What is expected: Filter the data for lines with the word "existsP", then copy every line so identified.

[Saved data entries]
━━━━━━━━━━━━━━━━━━━━

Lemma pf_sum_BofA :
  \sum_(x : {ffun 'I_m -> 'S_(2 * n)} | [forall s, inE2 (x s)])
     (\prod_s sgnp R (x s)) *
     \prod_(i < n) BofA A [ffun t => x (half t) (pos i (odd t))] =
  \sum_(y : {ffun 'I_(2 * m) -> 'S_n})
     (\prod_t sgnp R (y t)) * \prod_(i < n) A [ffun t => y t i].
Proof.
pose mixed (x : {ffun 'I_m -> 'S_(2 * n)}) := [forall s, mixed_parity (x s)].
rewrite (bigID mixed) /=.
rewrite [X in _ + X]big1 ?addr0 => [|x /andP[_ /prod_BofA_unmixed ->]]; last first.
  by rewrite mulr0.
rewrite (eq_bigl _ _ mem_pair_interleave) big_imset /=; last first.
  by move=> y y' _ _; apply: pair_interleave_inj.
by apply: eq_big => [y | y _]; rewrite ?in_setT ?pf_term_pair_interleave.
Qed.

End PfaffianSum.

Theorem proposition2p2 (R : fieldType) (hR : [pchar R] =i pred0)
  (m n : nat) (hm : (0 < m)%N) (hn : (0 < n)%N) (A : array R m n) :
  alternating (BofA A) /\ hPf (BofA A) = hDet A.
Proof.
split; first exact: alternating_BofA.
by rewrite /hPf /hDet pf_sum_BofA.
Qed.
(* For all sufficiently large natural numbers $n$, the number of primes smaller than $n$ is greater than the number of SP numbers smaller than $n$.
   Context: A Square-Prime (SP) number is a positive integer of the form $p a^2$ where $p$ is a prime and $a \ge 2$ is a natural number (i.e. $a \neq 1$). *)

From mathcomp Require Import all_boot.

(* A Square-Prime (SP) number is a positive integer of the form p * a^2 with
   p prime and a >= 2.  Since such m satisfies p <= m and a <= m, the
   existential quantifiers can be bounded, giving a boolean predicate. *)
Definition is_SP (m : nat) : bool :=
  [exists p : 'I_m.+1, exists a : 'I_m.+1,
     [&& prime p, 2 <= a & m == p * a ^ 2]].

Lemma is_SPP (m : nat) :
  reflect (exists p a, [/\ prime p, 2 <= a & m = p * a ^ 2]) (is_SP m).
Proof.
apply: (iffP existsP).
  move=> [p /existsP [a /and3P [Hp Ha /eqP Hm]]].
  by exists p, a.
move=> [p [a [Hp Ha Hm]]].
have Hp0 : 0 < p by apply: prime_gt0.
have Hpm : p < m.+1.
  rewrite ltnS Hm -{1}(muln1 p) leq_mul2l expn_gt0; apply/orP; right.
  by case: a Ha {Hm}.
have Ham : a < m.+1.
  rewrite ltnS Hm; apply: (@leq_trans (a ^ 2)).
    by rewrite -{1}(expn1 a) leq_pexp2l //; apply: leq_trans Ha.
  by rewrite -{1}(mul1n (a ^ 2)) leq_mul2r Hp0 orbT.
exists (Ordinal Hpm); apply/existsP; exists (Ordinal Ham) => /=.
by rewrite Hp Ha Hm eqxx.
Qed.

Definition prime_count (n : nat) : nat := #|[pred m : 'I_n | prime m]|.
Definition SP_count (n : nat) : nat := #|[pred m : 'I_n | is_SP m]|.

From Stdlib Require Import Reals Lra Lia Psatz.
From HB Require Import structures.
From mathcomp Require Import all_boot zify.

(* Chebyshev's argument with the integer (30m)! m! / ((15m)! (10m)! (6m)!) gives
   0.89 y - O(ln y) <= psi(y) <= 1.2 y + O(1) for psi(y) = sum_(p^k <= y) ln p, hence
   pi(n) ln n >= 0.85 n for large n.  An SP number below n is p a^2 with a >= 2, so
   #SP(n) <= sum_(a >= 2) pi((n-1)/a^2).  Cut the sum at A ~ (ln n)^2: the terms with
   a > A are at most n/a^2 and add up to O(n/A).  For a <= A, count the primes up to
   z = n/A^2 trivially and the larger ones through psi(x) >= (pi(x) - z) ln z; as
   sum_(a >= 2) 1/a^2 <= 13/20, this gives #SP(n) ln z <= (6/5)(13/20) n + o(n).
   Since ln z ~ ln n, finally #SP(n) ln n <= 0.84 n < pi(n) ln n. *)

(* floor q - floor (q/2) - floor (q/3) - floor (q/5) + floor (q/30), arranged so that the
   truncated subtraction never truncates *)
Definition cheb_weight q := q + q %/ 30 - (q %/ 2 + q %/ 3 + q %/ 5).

━━━━━━━━━━━━━━━━━━━━

Written reply:
apply: (iffP existsP).
  move=> [p /existsP [a /and3P [Hp Ha /eqP Hm]]].
exists (Ordinal Hpm); apply/existsP; exists (Ordinal Ham) => /=.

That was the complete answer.